> Goal of the exercise
Write out, word for word, every line in the data below from the one containing "Section Layout." to the one containing "of i = emb k.", both of them included.

> Records for the task
(* Let $n,m\in\mathbb{N}$ with $2\le m\le n-1$, let $H(\psi),H(\chi)\in Z_{n,m}$, and let $U_m$ be the stabiliser of $1$ in $S_m$. Then: (i) $H(\psi)\cong H(\chi)$ if and only if $\psi$ and $\chi$ lie in the same orbit of the power group $S_{[n]\setminus[m]}^{\times 2}\times U_m$; (ii) $H(\psi)$ and $H(\chi)$ are isomorphic or anti-isomorphic if and only if $\psi$ and $\chi$ lie in the same orbit of the power group $2S_{[n]\setminus[m]}^{\times 2}\times U_m$; (iii) if moreover $H(\psi)$ and $H(\chi)$ are commutative, then $H(\psi)\cong H(\chi)$ if and only if $\psi'$ and $\chi'$ lie in the same orbit of the power group $S_{[n]\setminus[m]}^{\{2\}}\times U_m$.
   Context: $[n]=\{1,\ldots,n\}$. For $\psi:([n]\setminus[m])\times([n]\setminus[m])\to[m]$, $H(\psi)$ is $[n]$ with $xy=\psi(x,y)$ for $x,y\in[n]\setminus[m]$ and $xy=1$ otherwise; $Z_{n,m}$ is the set of $H(\psi)$ with $[m]\setminus\{1\}\subseteq\operatorname{im}\psi$. If $H(\psi)$ is commutative, $\psi'$ is the function on subsets of $[n]\setminus[m]$ of size $1$ or $2$ given by $\psi'\{i,j\}=\psi(i,j)$. An anti-isomorphism $S\to T$ is a bijection $f$ with $f(xy)=f(y)f(x)$. Power group: if groups $A$ and $B$ act on finite sets $X$ and $Y$, then $A\times B$ acts on functions $f:X\to Y$ by $f^{(\alpha,\beta)}(x)=(f(x^\alpha))^\beta$. Actions on $X=[n]\setminus[m]$: $S_X^{\times 2}$ is $S_X$ acting on $X\times X$ by $(x_1,x_2)^\alpha=(x_1^\alpha,x_2^\alpha)$; $2S_X^{\times 2}$ is $S_2\times S_X$ acting on $X\times X$ by $(x_1,x_2)^{(\pi,\alpha)}=(x_{1^\pi}^\alpha,x_{2^\pi}^\alpha)$; $S_X^{\{2\}}$ is $S_X$ acting on the set of subsets of $X$ of size $1$ or $2$ by $\{x_1,x_2\}^\alpha=\{x_1^\alpha,x_2^\alpha\}$. $U_m$ acts naturally on $[m]$. *)

From mathcomp Require Import all_boot all_fingroup.
Set Implicit Arguments. Unset Strict Implicit. Unset Printing Implicit Defensive.

(* Convention: [n] = {1,...,n} is represented by 'I_n = {0,...,n-1} via
   i+1 <-> i.  Thus [m] is 'I_m (element "1" is the ordinal with value 0),
   and X = [n] \ [m] is the subtype {i : 'I_n | m <= i}. *)
Notation Xt n m := {i : 'I_n | m <= i}.

(* H(psi): multiplication on 'I_n; xy = psi(x,y) if x,y in X, else "1" (= 0). *)
Definition Hmul (n m : nat) (psi : Xt n m -> Xt n m -> 'I_m) (x y : 'I_n) : 'I_n :=
  insubd x (match (insub x : option (Xt n m)), (insub y : option (Xt n m)) with
            | Some x', Some y' => val (psi x' y')
            | _, _ => 0
            end).

Definition inZ (n m : nat) (psi : Xt n m -> Xt n m -> 'I_m) : Prop :=
  forall k : 'I_m, val k <> 0 -> exists x y, psi x y = k.

Definition commutative_mul (T : Type) (mul : T -> T -> T) : Prop :=
  forall x y, mul x y = mul y x.

Definition sg_isomorphic (T : Type) (mul1 mul2 : T -> T -> T) : Prop :=
  exists f : T -> T, bijective f /\ forall x y, f (mul1 x y) = mul2 (f x) (f y).

Definition sg_anti_isomorphic (T : Type) (mul1 mul2 : T -> T -> T) : Prop :=
  exists f : T -> T, bijective f /\ forall x y, f (mul1 x y) = mul2 (f y) (f x).

Definition in_Um (m : nat) (b : {perm 'I_m}) : Prop :=
  forall k : 'I_m, val k = 0 -> b k = k.

Definition orbit_SX2_Um (n m : nat) (psi chi : Xt n m -> Xt n m -> 'I_m) : Prop :=
  exists (a : {perm Xt n m}) (b : {perm 'I_m}),
    in_Um b /\ forall x1 x2, chi x1 x2 = b (psi (a x1) (a x2)).

(* select the i-th coordinate of the pair (x1,x2), i : 'I_2 (0 <-> 1, 1 <-> 2) *)
Definition sel2 (T : Type) (x1 x2 : T) (i : 'I_2) : T :=
  if val i == 0 then x1 else x2.

Definition orbit_2SX2_Um (n m : nat) (psi chi : Xt n m -> Xt n m -> 'I_m) : Prop :=
  exists (p : {perm 'I_2}) (a : {perm Xt n m}) (b : {perm 'I_m}),
    in_Um b /\ forall x1 x2,
      chi x1 x2 = b (psi (a (sel2 x1 x2 (p ord0))) (a (sel2 x1 x2 (p ord_max)))).

(* psi' : subsets of X of size 1 or 2 -> [m],  psi'{i,j} = psi(i,j);
   None outside the domain (sets not of size 1 or 2). *)
Definition psi' (n m : nat) (psi : Xt n m -> Xt n m -> 'I_m) (S : {set Xt n m})
  : option 'I_m :=
  match enum S with
  | [:: i] => Some (psi i i)
  | [:: i; j] => Some (psi i j)
  | _ => None
  end.

Definition orbit_SX2set_Um (n m : nat) (f g : {set Xt n m} -> option 'I_m) : Prop :=
  exists (a : {perm Xt n m}) (b : {perm 'I_m}),
    in_Um b /\ forall S : {set Xt n m}, (#|S| == 1) || (#|S| == 2) ->
      g S = omap b (f (a @: S)).

From mathcomp Require Import all_boot all_fingroup.
From mathcomp Require Import zify.

(* Lemma 6.2.  Write [n] = [m] ⊔ X with X = [n] \ [m].  In H(psi) every
   product lies in [m], every product with a factor in [m] is 1, and on X the
   product is psi (section Layout).

   (i)  An isomorphism f : H(psi) -> H(chi) fixes 1, since f 1 = f 1 · f 1 is
        a product in H(chi), hence in [m], hence equal to 1; and it maps [m]
        into [m], since (H(psi) being in Z_{n,m}) every element of [m] \ {1}
        is a product.  An injective map preserving [m] restricts to a
        permutation b of [m] and, by counting, to a permutation of X (section
        Restriction); then chi = psi^(a,b) with a the inverse of the latter.
        Conversely a pair (a,b) glues to a permutation of [n] (section Glue),
        which is an isomorphism H(psi) -> H(psi^(a,b)).
   (ii) Anti-isomorphisms H(psi) -> H(chi) are the isomorphisms to H(chi^T),
        chi^T the transpose of chi, and the 2S_X^{x2} x U_m-orbit relation is
        the union of the S_X^{x2} x U_m-orbit relations for chi and chi^T.
   (iii) Commutativity makes psi and chi symmetric, and for symmetric
        functions psi' psi {i,j} = psi i j, so the two orbit relations agree. *)

Set Implicit Arguments.
Unset Strict Implicit.
Unset Printing Implicit Defensive.

Section Layout.
Variables (n m : nat) (hmn : m < n).
Local Notation emb := (widen_ord (ltnW hmn)).

Lemma emb_inj : injective emb.
Proof. by move=> k l /(congr1 val) /= /val_inj. Qed.

Variant layout_spec (i : 'I_n) : Prop :=
  | LayoutX (x : Xt n m) of i = val x
  | LayoutLow (k : 'I_m) of i = emb k.

Lemma layoutP (i : 'I_n) : layout_spec i.
Proof.
case: (leqP m i) => h.
- by apply: (@LayoutX _ (Sub i h)); apply: val_inj.
- by apply: (@LayoutLow _ (Ordinal h)); apply: val_inj.
Qed.

Lemma low_notX (k : 'I_m) : insub (emb k) = None :> option (Xt n m).
Proof. by rewrite insubN //= -ltnNge. Qed.

Variable psi : Xt n m -> Xt n m -> 'I_m.

Lemma Hmul_X (x y : Xt n m) : Hmul psi (val x) (val y) = emb (psi x y).
Proof.
apply: val_inj; rewrite /Hmul !valK insubdK //.
exact: ltn_trans (ltn_ord _) hmn.
Qed.

Lemma Hmul_lowl (x y : 'I_n) : x < m -> val (Hmul psi x y) = 0.
Proof.
move=> x_low; rewrite /Hmul insubN -?ltnNge // insubdK //.
exact: leq_ltn_trans hmn.
Qed.

Lemma Hmul_lowr (x y : 'I_n) : y < m -> val (Hmul psi x y) = 0.
Proof.
move=> y_low; rewrite /Hmul [insub y]insubN -?ltnNge //.
by case: (insub x) => [?|]; rewrite insubdK //; apply: leq_ltn_trans hmn.
Qed.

> Written response
Section Layout.
Variables (n m : nat) (hmn : m < n).
Local Notation emb := (widen_ord (ltnW hmn)).

Lemma emb_inj : injective emb.
Proof. by move=> k l /(congr1 val) /= /val_inj. Qed.

Variant layout_spec (i : 'I_n) : Prop :=
  | LayoutX (x : Xt n m) of i = val x
  | LayoutLow (k : 'I_m) of i = emb k.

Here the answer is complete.